Передонов, Аблеухов, Самгин, Живаго…
Смешивать автора с героем нельзя, а характеризовать самою способностью (или потребностью) создать героя – можно. Так, Лермонтов хотел создать в Печорине героя авантюрного романа, что характеризует Лермонтова, не имея отношения к Печорину…
Пушкин уже писал Онегина, когда выпорхнул Чацкий. Грибоедов его опередил, и Пушкин, справедливо, переживал это. Чацкий – первый антигерой. Не Онегин. Пусть. Пушкин зато написал «Медного всадника», упразднив саму категорию. Кто герой поэмы: Евгений? Петр? Петербург?.. Россия? История? Природа?.. Стихия? Судьба? Рок?.. «Рок-батюшка. Судьба-матушка» (Алешковский).
Нет у нас д’Артаньяна.
У Обломова были хорошие данные… такого сломала наша прогрессивная общественность.
Паноптикумы Гоголя, Достоевского: у одного – мертвые души, у другого – уже Бобки.
У Толстого – всё образы, образы… Героя, кроме Анны Карениной, нет. Антигерой не удается (Левин не вышел).
Правда, женщины у нас – герои. Все, включая сюда Веру Павловну. Тут Пушкин успел опередить Грибоедова, Татьяна – Софью.
Мужчины, играя женщин, их п е р е и г р ы в а ю т (театральный факт).
Во Франции эту перверсию преодолели в Жанне д’Арк. Мы пробовали на этом поприще мученицу Зою. И животные у нас – герои. Собаки и лошади. Холстомер, Каштанка, Изумруд, Верный Руслан, Джамиля какая-нибудь. «Какая Джамиля? Про н а с, про н а с надо писать!» – как сказала однажды Л. Я. Гинзбург Б. Я. Бухштабу, тайно «про нас» пописывая.
Крест пропивают, но никак уж не п р о е д а ю т. Сытый голодного не разумеет.
Вот и нет у нас д’Артаньяна…
(В этот момент я опять взглянул в сибирские просторы Германии, одновременно почему-то проверяя, на месте ли крест… он был не на месте. Но я нашел его, порывшись и не успев потерять…
24 ноября, уже в Гамбурге
По той же причине нет русского детектива.
Литература, осуществленная в жизни, вытесняет воображение и игру как неправду жизни.

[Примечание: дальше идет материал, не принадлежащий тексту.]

(* Let $S$ be a nonempty set, $G$ a group of permutations of $S$, and $s\in S$. Then $SV_G$ is generated by $SV\cup\iota_1^s(G)$.
   Context: Let $\mathfrak C=\{0,1\}^{\omega}$ be the Cantor set, $S$ a nonempty set, and $G$ a subgroup of the symmetric group of $S$. Let $\mathfrak C^S$ be the space of all functions $S\to\mathfrak C$ with the product topology. For a function $\psi\colon S\to\{0,1\}^*$ with $\psi(s)=\varnothing$ for all but finitely many $s$, the dyadic brick $B(\psi)$ is the set of $\kappa\in\mathfrak C^S$ such that $\psi(s)$ is a prefix of $\kappa(s)$ for all $s\in S$; the canonical homeomorphism $\Phi_\psi\colon\mathfrak C^S\to B(\psi)$ is $\Phi_\psi(\kappa)(s)=\psi(s)\cdot\kappa(s)$. For $\gamma\in G$ let $\tau_\gamma(\kappa)(s)=\kappa(\gamma^{-1}s)$. The twist homeomorphism $B(\varphi)\to B(\psi)$ associated to $\gamma$ is $\Phi_\psi\circ\tau_\gamma\circ\Phi_\varphi^{-1}$. The twisted Brin–Thompson group $SV_G$ is the group of all homeomorphisms $h$ of $\mathfrak C^S$ for which there exist two partitions $B(\varphi_1),\dots,B(\varphi_n)$ and $B(\psi_1),\dots,B(\psi_n)$ of $\mathfrak C^S$ into dyadic bricks and $\gamma_1,\dots,\gamma_n\in G$ such that $h|_{B(\varphi_i)}$ is the twist homeomorphism $B(\varphi_i)\to B(\psi_i)$ associated to $\gamma_i$. $SV$ denotes the subgroup obtained when all $\gamma_i$ are required to be trivial (the Brin–Thompson group). For $s\in S$ let $\psi_s\colon S\to\{0,1\}^*$ be given by $\psi_s(s)=1$ and $\psi_s(t)=\varnothing$ for $t\neq s$, and define $\iota_1^s\colon G\to SV_G$ by letting $\iota_1^s(\gamma)$ be the identity on $\{\kappa:\kappa(s)\text{ begins with }0\}$ and equal to $\Phi_{\psi_s}\circ\tau_\gamma\circ\Phi_{\psi_s}^{-1}$ on $B(\psi_s)$. *)

From Stdlib Require Import Arith List Classical ClassicalEpsilon FunctionalExtensionality.
Import ListNotations.
Set Implicit Arguments.

Definition Cantor := nat -> bool.
Definition word := list bool.
Definition Config (S : Type) := S -> Cantor.

Definition is_prefix (w : word) (x : Cantor) : Prop :=
  forall i, i < length w -> nth i w false = x i.

Definition wcat (w : word) (x : Cantor) : Cantor :=
  fun i => if i <? length w then nth i w false else x (i - length w).

Definition wdrop (n : nat) (x : Cantor) : Cantor := fun i => x (i + n).

Definition fin_supp (S : Type) (psi : S -> word) : Prop :=
  exists l : list S, forall t, ~ In t l -> psi t = [].

Definition in_brick (S : Type) (psi : S -> word) (k : Config S) : Prop :=
  forall t, is_prefix (psi t) (k t).

Definition Phi (S : Type) (psi : S -> word) (k : Config S) : Config S :=
  fun t => wcat (psi t) (k t).
Definition Phi_inv (S : Type) (psi : S -> word) (k : Config S) : Config S :=
  fun t => wdrop (length (psi t)) (k t).

Record perm (S : Type) := Perm {
  pfun : S -> S;
  pinv : S -> S;
  pfunK : forall x, pinv (pfun x) = x;
  pinvK : forall x, pfun (pinv x) = x }.

Definition perm_id (S : Type) : perm S :=
  @Perm S (fun x => x) (fun x => x) (fun x => eq_refl) (fun x => eq_refl).

Definition is_subgroup (S : Type) (G : perm S -> Prop) : Prop :=
  (exists e, G e /\ forall x, pfun e x = x) /\
  (forall g h, G g -> G h -> exists gh, G gh /\ forall x, pfun gh x = pfun g (pfun h x)) /\
  (forall g, G g -> exists gi, G gi /\ forall x, pfun gi x = pinv g x) /\
  (forall g h, (forall x, pfun g x = pfun h x) -> G g -> G h).

Definition tau (S : Type) (g : perm S) (k : Config S) : Config S :=
  fun t => k (pinv g t).

Definition twist (S : Type) (phi psi : S -> word) (g : perm S) (k : Config S) : Config S :=
  Phi psi (tau g (Phi_inv phi k)).

(** Product topology on C^S: dyadic bricks form a base, so continuity is
    expressed with bricks as basic neighbourhoods. *)
Definition continuous_cfg (S : Type) (h : Config S -> Config S) : Prop :=
  forall k psi, fin_supp psi -> in_brick psi (h k) ->
    exists phi, fin_supp phi /\ in_brick phi k /\
      forall k', in_brick phi k' -> in_brick psi (h k').

Definition is_homeo (S : Type) (h : Config S -> Config S) : Prop :=
  exists h', (forall k, h' (h k) = k) /\ (forall k, h (h' k) = k) /\
    continuous_cfg h /\ continuous_cfg h'.

Definition brick_partition (S : Type) (l : list (S -> word)) : Prop :=
  Forall (@fin_supp S) l /\
  (forall k, exists i, i < length l /\ in_brick (nth i l (fun _ => [])) k) /\
  (forall k i j, i < length l -> j < length l ->
     in_brick (nth i l (fun _ => [])) k -> in_brick (nth j l (fun _ => [])) k -> i = j).

Record piece (S : Type) := Piece { pdom : S -> word; pcod : S -> word; pgam : perm S }.

Definition twisted_by (S : Type) (P : perm S -> Prop) (h : Config S -> Config S) : Prop :=
  is_homeo h /\
  exists l : list (piece S),
    brick_partition (map (@pdom S) l) /\
    brick_partition (map (@pcod S) l) /\
    Forall (fun p => P (pgam p)) l /\
    Forall (fun p => forall k, in_brick (pdom p) k -> h k = twist (pdom p) (pcod p) (pgam p) k) l.

Definition SVG (S : Type) (G : perm S -> Prop) := twisted_by G.
Definition SV (S : Type) := twisted_by (fun g : perm S => forall x, pfun g x = x).

Definition psi_s (S : Type) (s : S) : S -> word :=
  fun t => if excluded_middle_informative (t = s) then [true] else [].

Definition iota1 (S : Type) (s : S) (g : perm S) (k : Config S) : Config S :=
  if k s 0 then twist (psi_s s) (psi_s s) g k else k.

Inductive generated (S : Type) (A : (Config S -> Config S) -> Prop) :
  (Config S -> Config S) -> Prop :=
| gen_base f : A f -> generated A f
| gen_id : generated A (fun k => k)
| gen_comp f g : generated A f -> generated A g -> generated A (fun k => f (g k))
| gen_inv f g : generated A f -> (forall k, g (f k) = k) -> (forall k, f (g k) = k) ->
    generated A g.

From Stdlib Require Import Arith List Lia ClassicalEpsilon FunctionalExtensionality.
Import ListNotations.

(* An element of SV_G is a finite family of twists B(phi_i) -> B(psi_i) by gamma_i in G.
   Precomposing with an element of SV that sends each B(phi_i) onto the i-th brick of the
   partition { k(s) begins with 1 }, { k(s) begins with 01 }, ..., { k(s) begins with 0^n },
   and postcomposing with an element of SV that sends it back onto B(psi_i), it becomes a
   product of local twists: maps acting by tau_gamma on one brick { k(s) begins with w } and
   trivially elsewhere.  For w = 1 this is iota_1^s(gamma); for w = 0 it is conjugate to it in
   SV; for w empty it is the product of these two followed by an element of SV moving the first
   letter of k(s) to the coordinate gamma(s); and the local twist for c d u is conjugate in SV
   to the one for c u.  Conversely SV_G is a group containing SV and iota_1^s(G): a composite
   of two twisted maps is again piecewise a twist, on cylinders refining the domain bricks of
   the first factor and the preimages of those of the second. *)

Section Twists.

Context {S : Type}.
Implicit Types (phi chi psi : S -> word) (g h : perm S) (k : Config S).

Lemma config_ext k k' : (forall t i, k t i = k' t i) -> k = k'.
Proof.
  intros H; apply functional_extensionality; intro t.
  apply functional_extensionality; intro i; apply H.
Qed.

Lemma twistE phi psi g k t i :
  twist phi psi g k t i =
  if i <? length (psi t) then nth i (psi t) false
  else k (pinv g t) (i - length (psi t) + length (phi (pinv g t))).
Proof. reflexivity. Qed.

Lemma in_brickE phi k :
  in_brick phi k <-> forall t i, i < length (phi t) -> k t i = nth i (phi t) false.
Proof. unfold in_brick, is_prefix; split; intros H t i Hi; symmetry; apply H; auto. Qed.

Lemma in_brick_twist phi psi g k : in_brick psi (twist phi psi g k).
Proof.
  apply in_brickE; intros t i Hi; rewrite twistE.
  destruct (Nat.ltb_spec i (length (psi t))); [reflexivity | lia].
Qed.

Lemma twist_twist phi chi psi g1 g2 g3 k :
  (forall x, pinv g3 x = pinv g1 (pinv g2 x)) ->
  twist chi psi g2 (twist phi chi g1 k) = twist phi psi g3 k.
Proof.
  intros Hg; apply config_ext; intros t i.
  rewrite !twistE, Hg.
  destruct (Nat.ltb_spec i (length (psi t))); [reflexivity|].
  destruct (Nat.ltb_spec (i - length (psi t) + length (chi (pinv g2 t)))
                         (length (chi (pinv g2 t)))); [lia|].
  f_equal; lia.
Qed.

Lemma twist_id phi g k :
  in_brick phi k -> (forall x, pinv g x = x) -> twist phi phi g k = k.
Proof.
  rewrite in_brickE; intros Hk Hg; apply config_ext; intros t i.
  rewrite twistE, Hg.
  destruct (Nat.ltb_spec i (length (phi t))).
  - symmetry; apply Hk; auto.
  - f_equal; lia.
Qed.

Definition perm_comp g h : perm S.
Proof.
  refine (@Perm S (fun x => pfun g (pfun h x)) (fun x => pinv h (pinv g x)) _ _);
    intros x; rewrite ?pfunK, ?pinvK; reflexivity.
Defined.

Definition perm_inv g : perm S := @Perm S (pinv g) (pfun g) (pinvK g) (pfunK g).

Lemma twistK phi psi g k :
  in_brick phi k -> twist psi phi (perm_inv g) (twist phi psi g k) = k.
Proof.
  intros Hk; rewrite (@twist_twist phi psi phi g (perm_inv g) (perm_id S)).
  - apply twist_id; auto.
  - intros x; simpl; rewrite pfunK; reflexivity.
Qed.

Lemma twistVK phi psi g k :
  in_brick psi k -> twist phi psi g (twist psi phi (perm_inv g) k) = k.
Proof.
  intros Hk; rewrite (@twist_twist psi phi psi (perm_inv g) g (perm_id S)).
  - apply twist_id; auto.
  - intros x; simpl; rewrite pinvK; reflexivity.
Qed.

End Twists.

Section Cylinders.

Context {S : Type}.
Implicit Types (phi psi : S -> word) (g : perm S) (k x : Config S).

Definition prefix_word (y : Cantor) (n : nat) : word := map y (seq 0 n).

Definition cylinder x (n : S -> nat) : S -> word := fun u => prefix_word (x u) (n u).

Lemma length_prefix_word y n : length (prefix_word y n) = n.
Proof. unfold prefix_word; rewrite length_map, length_seq; auto. Qed.

Lemma nth_prefix_word y n i : i < n -> nth i (prefix_word y n) false = y i.
Proof.
  intros H; unfold prefix_word.
  rewrite (nth_indep _ false (y 0)) by (rewrite length_map, length_seq; auto).
  rewrite map_nth, seq_nth; auto.
Qed.

Lemma in_cylinder x n k : in_brick (cylinder x n) k <-> forall u i, i < n u -> k u i = x u i.
Proof.
  rewrite in_brickE; unfold cylinder; split; intros H u i Hi.
  - rewrite H by (rewrite length_prefix_word; auto); apply nth_prefix_word; auto.
  - rewrite length_prefix_word in Hi; rewrite H by auto; symmetry; apply nth_prefix_word; auto.
Qed.

Lemma in_brick_cylinder phi x n k :
  in_brick phi x -> (forall u, length (phi u) <= n u) ->
  in_brick (cylinder x n) k -> in_brick phi k.
Proof.
  rewrite in_cylinder, !in_brickE; intros Hx Hn Hk t i Hi.
  rewrite Hk by (specialize (Hn t); lia); apply Hx; auto.
Qed.

Lemma in_cylinder_max phi psi y z :
  in_brick phi y -> in_brick psi y -> in_brick phi z -> in_brick psi z ->
  in_brick (cylinder y (fun u => Nat.max (length (phi u)) (length (psi u)))) z.
Proof.
  rewrite in_cylinder, !in_brickE; intros Hy1 Hy2 Hz1 Hz2 u i Hi.
  destruct (Nat.ltb_spec i (length (phi u))).
  - rewrite Hz1, Hy1; auto.
  - rewrite Hz2, Hy2; auto; lia.
Qed.

Lemma fin_supp_cylinder x n (l : list S) :
  (forall u, ~ In u l -> n u = 0) -> fin_supp (cylinder x n).
Proof. intros H; exists l; intros t Ht; unfold cylinder; rewrite H; auto. Qed.
(* Dedekind's argument: rescaling the variable i by 2 multiplies the monomial m by 2 ^+ m i,
   and subtracting 2 ^+ m0 i times the original relation kills the term of m0. *)
Lemma monofun_free (s : seq 'X_{1..N}) (c : 'X_{1..N} -> R) : uniq s ->
  (forall v, \sum_(m <- s) c m * monofun m v = 0) -> {in s, forall m, c m = 0}.
Proof.
elim: s c => [//|m0 s IH] c /= /andP [m0_notin s_uniq] rel.
have c_s : {in s, forall m, c m = 0}.
  move=> m m_in; have m_neq : m != m0 by apply: contraNneq m0_notin => <-.
  have [i m_i | m_eq] := pickP (fun i => m i != m0 i); last first.
    by case/eqP: m_neq; apply/mnmP => i; apply/eqP/negbFE/m_eq.
  pose w k : R := if k == i then 2 else 1.
  suff /(_ m m_in) /eqP : {in s, forall m, c m * (monofun m w - monofun m0 w) = 0}.
    rewrite mulf_eq0 !monofun_bump subr_eq0 -!natrX eqr_nat eqn_exp2l //.
    by rewrite (negPf m_i) orbF => /eqP.
  apply: IH => // v.
  have rel_s u : \sum_(m <- s) c m * monofun m u = - (c m0 * monofun m0 u).
    by apply/eqP; rewrite -addr_eq0 addrC; move: (rel u); rewrite big_cons => ->.
  transitivity (\sum_(m <- s) c m * monofun m (fun k => w k * v k)
                - monofun m0 w * \sum_(m <- s) c m * monofun m v).
    by rewrite mulr_sumr -sumrB; apply: eq_bigr => m1 _; rewrite monofunM; ring.
  by rewrite !rel_s monofunM; ring.
have := rel (fun=> 1); rewrite big_cons monofun1 mulr1 big_seq big1 ?addr0.
  by move=> c0 m; rewrite in_cons => /orP [/eqP -> // | /c_s].
by move=> m /c_s ->; rewrite mul0r.
Qed.

Lemma meval_eq0 (p : {mpoly R[N]}) : (forall v, p.@[v] = 0) -> p = 0.
Proof.
move=> p0; apply/mpolyP => m; rewrite mcoeff0.
have [m_in | /memN_msupp_eq0 //] := boolP (m \in msupp p).
by apply: (monofun_free (c := fun m => p@_m) (msupp_uniq p)) => // v; rewrite -(p0 v) mevalE.
Qed.
End VanishingPolynomial.

Section Dimension.
Variables (C : numClosedFieldType) (d : nat).
Local Notation Vd := (Vd C d).
Local Notation N := (2 * d.+1)%N.
Implicit Types (S : pred Vd) (J : {set 'I_N}) (p : {mpoly C[N]}) (y : Vd).

Lemma card_coord_ge a : #|[set i : 'I_N | (a <= i)%N]| = (N - a)%N.
Proof.
rewrite -sum1_card; have -> : (\sum_(i in [set i : 'I_N | (a <= i)%N]) 1 = \sum_(a <= i < N) 1)%N.
  by rewrite big_geq_mkord; apply: eq_bigl => i; rewrite inE.
by rewrite sum_nat_const_nat muln1.
Qed.

Lemma meval_eq_on p J (v v' : 'I_N -> C) :
  (forall m, m \in msupp p -> forall i, i \notin J -> m i = 0%N) ->
  {in J, v =1 v'} -> p.@[v] = p.@[v'].
Proof.
move=> p_supp vv'; rewrite !mevalE; apply: eq_big_seq => m m_in; congr (_ * _).
apply: eq_bigr => i _; have [/vv' -> // | i_notin] := boolP (i \in J).
by rewrite p_supp // !expr0.
Qed.

Lemma notin_alg_indep S J i :
  alg_indep_on S J -> (forall y, S y -> coordV y i = 0) -> i \notin J.
Proof.
move=> J_indep Si0; apply/negP => i_in.
have : 'X_i = 0 :> {mpoly C[N]}.
  apply: J_indep => [m /mem_msuppXP <- k k_notin | y /Si0 <-]; last by rewrite mevalXU.
  by rewrite mnm1E; case: eqP => // ik; move: k_notin; rewrite -ik i_in.
by apply/eqP; rewrite -msupp_eq0 msuppX.
Qed.
(* Let $d\ge3$, $\Omega=\{1,\ldots,d\}$, and $F\le F'\le\mathrm{Sym}(\Omega)$ with $F'$ preserving the orbits of $F$, $F$ nontrivial and $F'$ 2-transitive on $\Omega$. Let $G^+\le G(F,F')$ be the subgroup of elements $g$ such that $d(v,gv)$ is even for some (equivalently every) vertex $v$ of $T$. Then there exists a geodesic line $L$ in $T$ whose set-wise stabilizer in $G^+$ contains an element translating $L$ by distance $2$ and an element fixing a vertex $v_0\in L$ and reversing the orientation of $L$; consequently the set-wise stabilizer of $L$ in $G^+$ acts transitively on the geometric edges of $L$.
   Context: Let $T=\mathcal{T}_d$ be the $d$-regular tree with a fixed edge coloring $c\colon E(T)\to\Omega$ whose restriction $c_v$ to the edges $E(v)$ at each vertex $v$ is a bijection onto $\Omega$. For $g\in\mathrm{Aut}(T)$, $\sigma(g,v)=c_{gv}\circ g_v\circ c_v^{-1}$ with $g_v\colon E(v)\to E(gv)$ induced by $g$. $U(F')=\{g:\sigma(g,v)\in F'\ \forall v\}$, $G(F)=\{g:\sigma(g,v)\in F$ for all but finitely many $v\}$, $G(F,F')=G(F)\cap U(F')$. A geometric edge of $L$ is an unordered pair of adjacent vertices of $L$. *)

From HB Require Import structures.
From mathcomp Require Import all_boot all_order all_algebra all_fingroup.
Set Implicit Arguments. Unset Strict Implicit. Unset Printing Implicit Defensive.
Import GRing.Theory Num.Theory.

(* Model of the d-regular tree T_d with its legal edge colouring, Omega = 'I_d.
   Vertices are reduced words over 'I_d (no two consecutive letters equal),
   stored most-recent-letter first.  The neighbour of w along the edge of colour c
   is [step w c]: cancel c if w starts with c, otherwise prepend c.
   Every edge {w, step w c} has colour c; at each vertex the colouring is a
   bijection onto 'I_d.  (Any two legal colourings of T_d are isomorphic.) *)

Definition reduced d (w : seq 'I_d) := sorted (fun a b => a != b) w.

Definition stepw d (w : seq 'I_d) (c : 'I_d) : seq 'I_d :=
  if w is a :: w' then (if a == c then w' else c :: w) else [:: c].

Lemma stepw_reduced d (w : seq 'I_d) c : reduced w -> reduced (stepw w c).
Proof.
rewrite /reduced /stepw; case: w => [|a w'] //= H.
case: eqP => [_|ne]; first exact: (path_sorted H).
by rewrite /= H andbT; apply/eqP => E; apply: ne; rewrite E.
Qed.

Record vert d := Vert { word : seq 'I_d; _ : reduced word }.
HB.instance Definition _ d := [isSub for (@word d)].
HB.instance Definition _ d := [Equality of vert d by <:].

Definition step d (v : vert d) (c : 'I_d) : vert d :=
  @Vert d (stepw (word v) c) (stepw_reduced c (valP v)).

Definition adj d (u v : vert d) : Prop := exists c : 'I_d, v = step u c.

Definition is_aut d (g : vert d -> vert d) : Prop :=
  bijective g /\ forall u v, adj u v <-> adj (g u) (g v).

(* "sigma(g, v) = p" unfolded: g maps the edge of colour c at v onto the edge of
   colour p c at g v, for every colour c.  Hence sigma(g,v) \in F  <->  loc_in F g v. *)
Definition loc_in d (F : {set {perm 'I_d}}) (g : vert d -> vert d) (v : vert d) : Prop :=
  exists2 p, p \in F & forall c, g (step v c) = step (g v) (p c).

Definition in_U d (F' : {set {perm 'I_d}}) g := forall v, loc_in F' g v.
Definition in_G d (F : {set {perm 'I_d}}) g :=
  exists s : seq (vert d), forall v, v \notin s -> loc_in F g v.
Definition in_GFF' d (F F' : {set {perm 'I_d}}) g :=
  is_aut g /\ in_G F g /\ in_U F' g.

Inductive walk d : nat -> vert d -> vert d -> Prop :=
| walk0 u : walk 0 u u
| walkS n u v w : walk n u v -> adj v w -> walk n.+1 u w.

Definition is_dist d (n : nat) (u v : vert d) : Prop :=
  walk n u v /\ forall m, m < n -> ~ walk m u v.

Definition in_Gplus d (F F' : {set {perm 'I_d}}) g :=
  in_GFF' F F' g /\ exists v n, is_dist n v (g v) /\ ~~ odd n.

Definition geodesic_line d (l : int -> vert d) : Prop :=
  forall i j : int, is_dist `|i - j|%N (l i) (l j).

Definition stabilizes d (g : vert d -> vert d) (l : int -> vert d) : Prop :=
  (forall i, exists j, g (l i) = l j) /\ (forall j, exists i, g (l i) = l j).

Definition two_transitive d (F' : {set {perm 'I_d}}) : Prop :=
  forall a b a' b' : 'I_d, a != b -> a' != b' ->
    exists2 x, x \in F' & x a = a' /\ x b = b'.

Definition preserves_orbits d (F F' : {set {perm 'I_d}}) : Prop :=
  forall x, x \in F' -> forall w : 'I_d, exists2 y, y \in F & y w = x w.

From HB Require Import structures.
From mathcomp Require Import all_boot all_order all_algebra all_fingroup.
From mathcomp Require Import zify.
Set Implicit Arguments. Unset Strict Implicit. Unset Printing Implicit Defensive.
Import GRing.Theory Num.Theory.

(* Pick q in F and a colour a with q a != a, and p in F' swapping a and q a.
   The line L through the root whose edge colours read a, q a, q^2 a, ... on one
   side and q a, q^2 a, ... on the other is reflected about the root by the
   automorphism acting as p at the root and as a constant element of F on each
   branch (q on branch a, q^-1 on branch q a, and on every other branch c an
   element of F agreeing with p at c, which exists as F' preserves F-orbits).
   The colour-preserving inversion of the root edge of colour a reflects L about
   that edge.  Composing the two reflections yields elements of G(F,F') acting on
   L as every map n |-> +-n + m, and such an element moves the root the even
   distance |m| exactly when m is even; these even ones give the translation by
   2, the reflection about the root and the transitivity on edges of L. *)

Section TreeWords.
Variable d : nat.
Implicit Types (w s t : seq 'I_d) (c : 'I_d) (u v : vert d).

Lemma reduced_rev w : reduced w -> reduced (rev w).
Proof.
by rewrite /reduced rev_sorted; apply: sub_sorted => x y /=; rewrite eq_sym.
Qed.

Lemma reduced_map (P : {perm 'I_d}) w : reduced w -> reduced (map P w).
Proof.
rewrite /reduced sorted_map.
by apply: sub_sorted => x y /=; rewrite (inj_eq perm_inj).
Qed.
Lemma subcomplex_vertex {K} C :
  is_subcomplex K C -> forall s x, C s -> s x -> C (single x).
Proof.
  intros [_ Hface] s x Hs Hx. apply (Hface s _ Hs); [| exists x; reflexivity].
  intros y Hy. red in Hy. subst y. exact Hx.
Qed.

Lemma simplicial_id {K : SC} : @simplicial K K (fun x => x).
Proof. intros s Hs. rewrite image_id. exact Hs. Qed.

Lemma simplicial_const {K M : SC} (hK : is_complex K) (hM : is_complex M) (c : vtx M) :
  @simplicial K M (fun _ => c).
Proof.
  intros s Hs. rewrite image_const by exact (simp_nonempty hK s Hs). apply simp_single, hM.
Qed.

Lemma simplicial_comp {K M N : SC} (f : vtx K -> vtx M) (g : vtx M -> vtx N) :
  simplicial f -> simplicial g -> simplicial (fun x => g (f x)).
Proof. intros hf hg s Hs. rewrite image_comp. apply hg, hf, Hs. Qed.

Lemma simplicial_fst {K M : SC} : @simplicial (prodSC K M) K fst.
Proof. intros s [H _]. exact H. Qed.

Lemma simplicial_snd {K M : SC} : @simplicial (prodSC K M) M snd.
Proof. intros s [_ H]. exact H. Qed.

Lemma simplicial_pair {N K M : SC} (f : vtx N -> vtx K) (g : vtx N -> vtx M) :
  simplicial f -> simplicial g -> @simplicial N (prodSC K M) (fun x => (f x, g x)).
Proof.
  intros hf hg s Hs. split; rewrite <- image_comp; [exact (hf s Hs) | exact (hg s Hs)].
Qed.

Lemma simplicial_edge_path {K M : SC} (F : vtx K -> vtx M) (hF : simplicial F) v w :
  clos_refl_trans (vtx K) (fun a b => simp K (pairset a b)) v w ->
  clos_refl_trans (vtx M) (fun a b => simp M (pairset a b)) (F v) (F w).
Proof.
  apply clos_rt_map. intros a b Hab. rewrite <- image_pairset. apply hF, Hab.
Qed.

Lemma prod_complex {K M} (hK : is_complex K) (hM : is_complex M) :
  is_complex (prodSC K M).
Proof.
  split; [| split; [| split]].
  - intros s [H1 H2].
    destruct (simp_finite hK _ H1) as [l1 Hl1], (simp_finite hM _ H2) as [l2 Hl2].
    exists (list_prod l1 l2). intros [x y] Hxy.
    apply in_prod; [apply Hl1 | apply Hl2]; exists (x, y); auto.
  - intros s [H1 _]. exact (image_nonempty_inv fst s (simp_nonempty hK _ H1)).
  - intros s t [H1 H2] Hts Hne. split;
      [apply (simp_face hK _ _ H1) | apply (simp_face hM _ _ H2)];
      auto using image_subset, image_nonempty.
  - intros v. split; rewrite image_single; apply simp_single; assumption.
Qed.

Герой и сюжет – акт обуздания жизни, после которого и следует понятие цивилизации. (Запись во время обсуждения кандидатов на Пушкинскую премию, присуждаемую русским писателям почему-то в Германии, а не в России. Победителями вышли два героя советской литературы, создавших-таки ГЕРОЯ, отличного от традиции отечественной литературы, – Фазиль Искандер и Олег Волков. Один гибридизировал Дон Кихота и Швейка, другой – лагерного Робинзона.)
Мы не замечаем, как это сделано, а это еще и сделано. Нам не демонстрируются приемы, и мы не говорим «ах!», ибо не можем щегольнуть своей причастностью: как мы это всё, такое сложное, догадались и поняли. Может ли кто-либо похвастаться, что он понял Дюма? Что там понимать, в «Трех мушкетерах»…
Поэзия – это тайна, а занимательность – лишь секрет. Эта дискриминация объяснима лишь тем, что критик пропагандирует лишь то, о чем легче рассуждать. Что пропагандировать то, что и так всем годится? На Дюма не поступает заказ.
В популярности Дюма настолько участвует читатель, что не оставляет места критику. Критику не во что вложиться самому: его взнос не будет отмечен. Критика – это тоже форма оплаты. И расплаты. Когда успех приходит без ее участия.
Не критика, а реклама «Ля Пресс» ставит Александра Дюма в один ряд с Вальтером Скоттом и Рафаэлем; критика же пишет: «Поскребите труды господина Дюма, и вы обнаружите дикаря. На завтрак он вытаскивает из тлеющих углей горячую картошку – пожирает ее прямо с кожурой». Вопиющая неточность сравнения выдает искренность памфлетиста: можно вычислить аудиторию, состоящую из знатоков французской кухни, но нельзя обнаружить адресата, прославленного гурмана, как и Россини, закончившего свою астрономическую эпопею гастрономически: написанием кулинарной книги. Одно из заблуждений среди людей несведущих (как я) и поэтому столь распространенное: что гурманство связано более с изысканностью и смакованием, нежели с обилием и пожиранием. Единственный гурман, с которым мне довелось встретиться (в советской жизни), поразил именно тем, как быстро и жадно поглощал он то, что столь долго и нежно готовил. Природа кухни оказалась романтической: ухаживание и домогание были важнее утоления страсти.